▶ _ABOUT THIS EXERCISE_: Of all the entries below, retype only the lines from the one with "(* The type" through the one with "Definition is_upset (T", exactly as they appear.

▶ _PROVIDED DATA_:
==========

(* Let $L$ be a finite set with $|L|=n$. Then: (a) the refinement relation $\preceq$ on $\tilde P_{\mathrm I}$ is a partial order; (b) $\{s(\mathbf A):\mathbf A\in P_{\mathrm{II}}\}$ equals the set $\tilde P_{\mathrm{II}}$ of nonempty down-sets of $(\tilde P_{\mathrm I},\preceq)$, and for all $\tilde{\mathbf A},\tilde{\mathbf B}\in\tilde P_{\mathrm{II}}$: there exist $\mathbf A,\mathbf B\in P_{\mathrm{II}}$ with $s(\mathbf A)=\tilde{\mathbf A}$, $s(\mathbf B)=\tilde{\mathbf B}$ and $\mathbf B\subseteq\mathbf A$ if and only if $\tilde{\mathbf B}\subseteq\tilde{\mathbf A}$; (c) $\{s(\mathfrak A):\mathfrak A\in P_{\mathrm{III}}\}$ equals the set of nonempty up-sets of $(\tilde P_{\mathrm{II}},\subseteq)$, and for all nonempty up-sets $\tilde{\mathfrak A},\tilde{\mathfrak B}$ of $(\tilde P_{\mathrm{II}},\subseteq)$: there exist $\mathfrak A,\mathfrak B\in P_{\mathrm{III}}$ with $s(\mathfrak A)=\tilde{\mathfrak A}$, $s(\mathfrak B)=\tilde{\mathfrak B}$ and $\mathfrak B\subseteq\mathfrak A$ if and only if $\tilde{\mathfrak B}\subseteq\tilde{\mathfrak A}$.
   Context: A set partition of $L$ is a set $\xi$ of nonempty, pairwise disjoint subsets of $L$ whose union is $L$; $P_{\mathrm I}$ is the set of set partitions of $L$, with refinement $\upsilon\preceq\xi$ iff every $Y\in\upsilon$ is contained in some $X\in\xi$. An integer partition of $n$ is a finite multiset of positive integers summing to $n$; $\tilde P_{\mathrm I}$ is the set of integer partitions of $n$. The type map is $s(\xi)=$ the multiset $\{|X|:X\in\xi\}$. Refinement on $\tilde P_{\mathrm I}$: $\tilde\upsilon\preceq\tilde\xi$ iff there exist $\upsilon,\xi\in P_{\mathrm I}$ with $s(\upsilon)=\tilde\upsilon$, $s(\xi)=\tilde\xi$, $\upsilon\preceq\xi$. A down-set (resp. up-set) of a poset is a subset closed downward (resp. upward). $P_{\mathrm{II}}$ is the set of nonempty down-sets of $(P_{\mathrm I},\preceq)$, ordered by inclusion; $P_{\mathrm{III}}$ is the set of nonempty up-sets of $(P_{\mathrm{II}},\subseteq)$, ordered by inclusion. $s$ acts elementwise on these: for $\mathbf A\in P_{\mathrm{II}}$, $s(\mathbf A)=\{s(\xi):\xi\in\mathbf A\}$ (a set), and for $\mathfrak A\in P_{\mathrm{III}}$, $s(\mathfrak A)=\{s(\mathbf A):\mathbf A\in\mathfrak A\}$. *)

From mathcomp Require Import all_boot.
Set Implicit Arguments. Unset Strict Implicit. Unset Printing Implicit Defensive.

Definition setparts (L : finType) : {set {set {set L}}} :=
  [set P : {set {set L}} | partition P [set: L]].

Definition refines (L : finType) (u x : {set {set L}}) : bool :=
  [forall Y in u, [exists X in x, Y \subset X]].

(* An integer partition (multiset of positive integers) of n is encoded by
   its multiplicity function m : k |-> (number of parts equal to k),
   for k = 0..n (all parts are <= n); m 0 = 0 (parts are positive), and
   sum_k k * m k = n. *)
Definition IP (n : nat) := {ffun 'I_n.+1 -> 'I_n.+1}.

Definition intparts (n : nat) : {set IP n} :=
  [set m : IP n | (m ord0 == ord0) && (\sum_(k < n.+1) (k * m k)%N == n)].

(* The type map s: the multiset {|X| : X in xi}, as a multiplicity function.
   (When |L| = n, all the counts are <= n, so [inord] does not truncate.) *)
Definition ptype (L : finType) (n : nat) (xi : {set {set L}}) : IP n :=
  [ffun k : 'I_n.+1 => inord #|[set X in xi | #|X| == k]|].

Definition irefines (L : finType) (n : nat) (a b : IP n) : bool :=
  [exists u in setparts L, exists x in setparts L,
     [&& ptype n u == a, ptype n x == b & refines u x]].

Definition is_downset (T : finType) (S : {set T}) (le : rel T) (D : {set T}) : bool :=
  (D \subset S) && [forall x in D, forall y in S, le y x ==> (y \in D)].

Definition is_upset (T : finType) (S : {set T}) (le : rel T) (U : {set T}) : bool :=
  (U \subset S) && [forall x in U, forall y in S, le x y ==> (y \in U)].

Definition subset_rel (T : finType) : rel {set T} := fun A B => A \subset B.

Definition ne_downsets (T : finType) (S : {set T}) (le : rel T) : {set {set T}} :=
  [set D : {set T} | (D != set0) && is_downset S le D].

Definition ne_upsets (T : finType) (S : {set T}) (le : rel T) : {set {set T}} :=
  [set U : {set T} | (U != set0) && is_upset S le U].

Definition PII (L : finType) : {set {set {set {set L}}}} :=
  ne_downsets (setparts L) (@refines L).
Lemma sq_summable_shift c : sq_summable c <-> sq_summable (fun n => c n.+1).
Proof.
split=> /sq_summableP [B hB]; apply/sq_summableP.
  exists B => N; apply: le_trans (hB N.+1).
  by rewrite /sqsum big_nat_recl //= lerDr exprn_ge0.
exists (`|c 0%N| ^+ 2 + B) => -[|N].
  by rewrite /sqsum big_geq // addr_ge0 ?exprn_ge0 // (le_trans _ (hB 0%N)) ?sqsum_ge0.
by rewrite /sqsum big_nat_recl //= lerD2l; exact: hB.
Qed.

Lemma sq_summable_finite c N : (forall n, (N <= n)%N -> c n = 0) -> sq_summable c.
Proof.
move=> c0; apply/sq_summableP; exists (sqsum c N) => M.
have [MN|NM] := leqP M N; first exact: sqsum_le.
rewrite /sqsum (big_cat_nat (leq0n N) (ltnW NM)) /= [X in _ + X]big1_seq ?addr0 //.
move=> k /andP[_]; rewrite mem_index_iota => /andP[Nk _].
by rewrite c0 // normr0 expr0n.
Qed.

Lemma sq_summableZ (a : R[i]) c : sq_summable c -> sq_summable (fun n => a * c n).
Proof. by apply: sq_summable_le (normr_ge0 a) _ => n; rewrite normrM. Qed.

Lemma sqr_normD_le (a b : R[i]) : `|a + b| ^+ 2 <= `|a| ^+ 2 *+ 2 + `|b| ^+ 2 *+ 2.
Proof.
apply: le_trans (_ : (`|a| + `|b|) ^+ 2 <= _).
  by rewrite lerXn2r ?qualifE /= ?addr_ge0 // ler_normD.
have -> : `|a| ^+ 2 *+ 2 + `|b| ^+ 2 *+ 2 = (`|a| + `|b|) ^+ 2 + (`|a| - `|b|) ^+ 2.
  by ring.
by rewrite lerDl -realEsqr rpredB // normr_real.
Qed.

Lemma sq_summableD c d : sq_summable c -> sq_summable d ->
  sq_summable (fun n => c n + d n).
Proof.
move=> /sq_summableP [B1 h1] /sq_summableP [B2 h2].
apply/sq_summableP; exists (B1 *+ 2 + B2 *+ 2) => N.
apply: le_trans (_ : sqsum c N *+ 2 + sqsum d N *+ 2 <= _); last first.
  by rewrite lerD // lerMn2r ?h1 ?h2 ?orbT.
by rewrite /sqsum -!sumrMnl -big_split /=; apply: ler_sum => k _; exact: sqr_normD_le.
Qed.

End SquareSummable.

Section InnerProduct.
Variables (R : realType) (H : completeNormedModType R[i]) (ip : H -> H -> R[i]).
Hypothesis hip : is_inner_product ip.

Lemma ipDl x y z : ip (x + y) z = ip x z + ip y z. Proof. by case: hip. Qed.
Lemma ipZl a x y : ip (a *: x) y = a * ip x y. Proof. by case: hip. Qed.
Lemma ipC x y : ip y x = (ip x y)^*. Proof. by case: hip. Qed.
Lemma ipxx x : ip x x = `|x| ^+ 2. Proof. by case: hip. Qed.

Lemma ip0l y : ip 0 y = 0.
Proof. by rewrite -(scale0r 0) ipZl mul0r. Qed.

Lemma ipBl x y z : ip (x - y) z = ip x z - ip y z.
Proof. by rewrite ipDl -scaleN1r ipZl mulN1r. Qed.

Lemma ip0r x : ip x 0 = 0.
Proof. by rewrite ipC ip0l conjc0. Qed.

Lemma ipDr x y z : ip x (y + z) = ip x y + ip x z.
Proof. by rewrite ipC ipDl rmorphD /= -!ipC. Qed.

Lemma ipZr a x y : ip x (a *: y) = a^* * ip x y.
Proof. by rewrite ipC ipZl rmorphM /= -ipC. Qed.

Lemma ipBr x y z : ip x (y - z) = ip x y - ip x z.
Proof. by rewrite ipC ipBl rmorphB /= -!ipC. Qed.

Lemma ip_suml (I : Type) (s : seq I) (P : pred I) (F : I -> H) y :
  ip (\sum_(i <- s | P i) F i) y = \sum_(i <- s | P i) ip (F i) y.
Proof. by elim/big_rec2: _ => [|i a b _ <-]; rewrite ?ip0l ?ipDl. Qed.

Lemma ip_sumr (I : Type) (s : seq I) (P : pred I) (F : I -> H) y :
  ip y (\sum_(i <- s | P i) F i) = \sum_(i <- s | P i) ip y (F i).
Proof. by elim/big_rec2: _ => [|i a b _ <-]; rewrite ?ip0r ?ipDr. Qed.

Definition orthonormal_seq (f : nat -> H) := forall n m, ip (f n) (f m) = (n == m)%:R.

Section Orthonormal.
Variable f : nat -> H.
Hypothesis hf : orthonormal_seq f.

Lemma ip_sum_orthonormal (a : nat -> R[i]) m N n :
  ip (\sum_(m <= k < N) a k *: f k) (f n) = if (m <= n < N)%N then a n else 0.
Proof.
rewrite ip_suml (eq_bigr (fun k => if k == n then a k else 0)) => [|k _].
  by rewrite -big_mkcond big_nat1_eq.
by rewrite ipZl hf; case: eqP => _; rewrite ?mulr1 ?mulr0.
Qed.

Lemma norm_sum_orthonormal (a : nat -> R[i]) m N :
  `|\sum_(m <= k < N) a k *: f k| ^+ 2 = \sum_(m <= k < N) `|a k| ^+ 2.
Proof.
rewrite -ipxx ip_sumr big_nat_cond [RHS]big_nat_cond.
apply: eq_bigr => k /andP[/andP[mk kN] _].
by rewrite ipZr ip_sum_orthonormal mk kN mulrC normCK.
Qed.

Lemma bessel x N : \sum_(0 <= k < N) `|ip x (f k)| ^+ 2 <= `|x| ^+ 2.
Proof.
set P := \sum_(0 <= k < N) ip x (f k) *: f k.
have ipxP : ip x P = \sum_(0 <= k < N) `|ip x (f k)| ^+ 2.
  by rewrite ip_sumr; apply: eq_bigr => k _; rewrite ipZr mulrC normCK.
have ipPx : ip P x = \sum_(0 <= k < N) `|ip x (f k)| ^+ 2.
  by rewrite ip_suml; apply: eq_bigr => k _; rewrite ipZl (ipC x (f k)) normCK.
have ipPP : ip P P = \sum_(0 <= k < N) `|ip x (f k)| ^+ 2.
  by rewrite ipxx norm_sum_orthonormal.
have := exprn_ge0 2 (normr_ge0 (x - P)).
rewrite -(ipxx (x - P)) ipBl !ipBr ipxP ipPx ipPP ipxx.
by rewrite opprB addrA subrK subr_ge0.
Qed.

Lemma norm_ip_orthonormal_le x m : `|ip x (f m)| <= `|x|.
Proof.
rewrite -(ler_pXn2r (_ : 0 < 2)%N) ?qualifE /= //.
apply: le_trans (bessel x m.+1).
by rewrite big_nat_recr //= lerDr; apply: sumr_ge0 => k _; exact: exprn_ge0.
Qed.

==========

▶ _COMPLETED EXERCISE_:
(* The type map s: the multiset {|X| : X in xi}, as a multiplicity function.
   (When |L| = n, all the counts are <= n, so [inord] does not truncate.) *)
Definition ptype (L : finType) (n : nat) (xi : {set {set L}}) : IP n :=
  [ffun k : 'I_n.+1 => inord #|[set X in xi | #|X| == k]|].

Definition irefines (L : finType) (n : nat) (a b : IP n) : bool :=
  [exists u in setparts L, exists x in setparts L,
     [&& ptype n u == a, ptype n x == b & refines u x]].

Definition is_downset (T : finType) (S : {set T}) (le : rel T) (D : {set T}) : bool :=
  (D \subset S) && [forall x in D, forall y in S, le y x ==> (y \in D)].

Definition is_upset (T : finType) (S : {set T}) (le : rel T) (U : {set T}) : bool :=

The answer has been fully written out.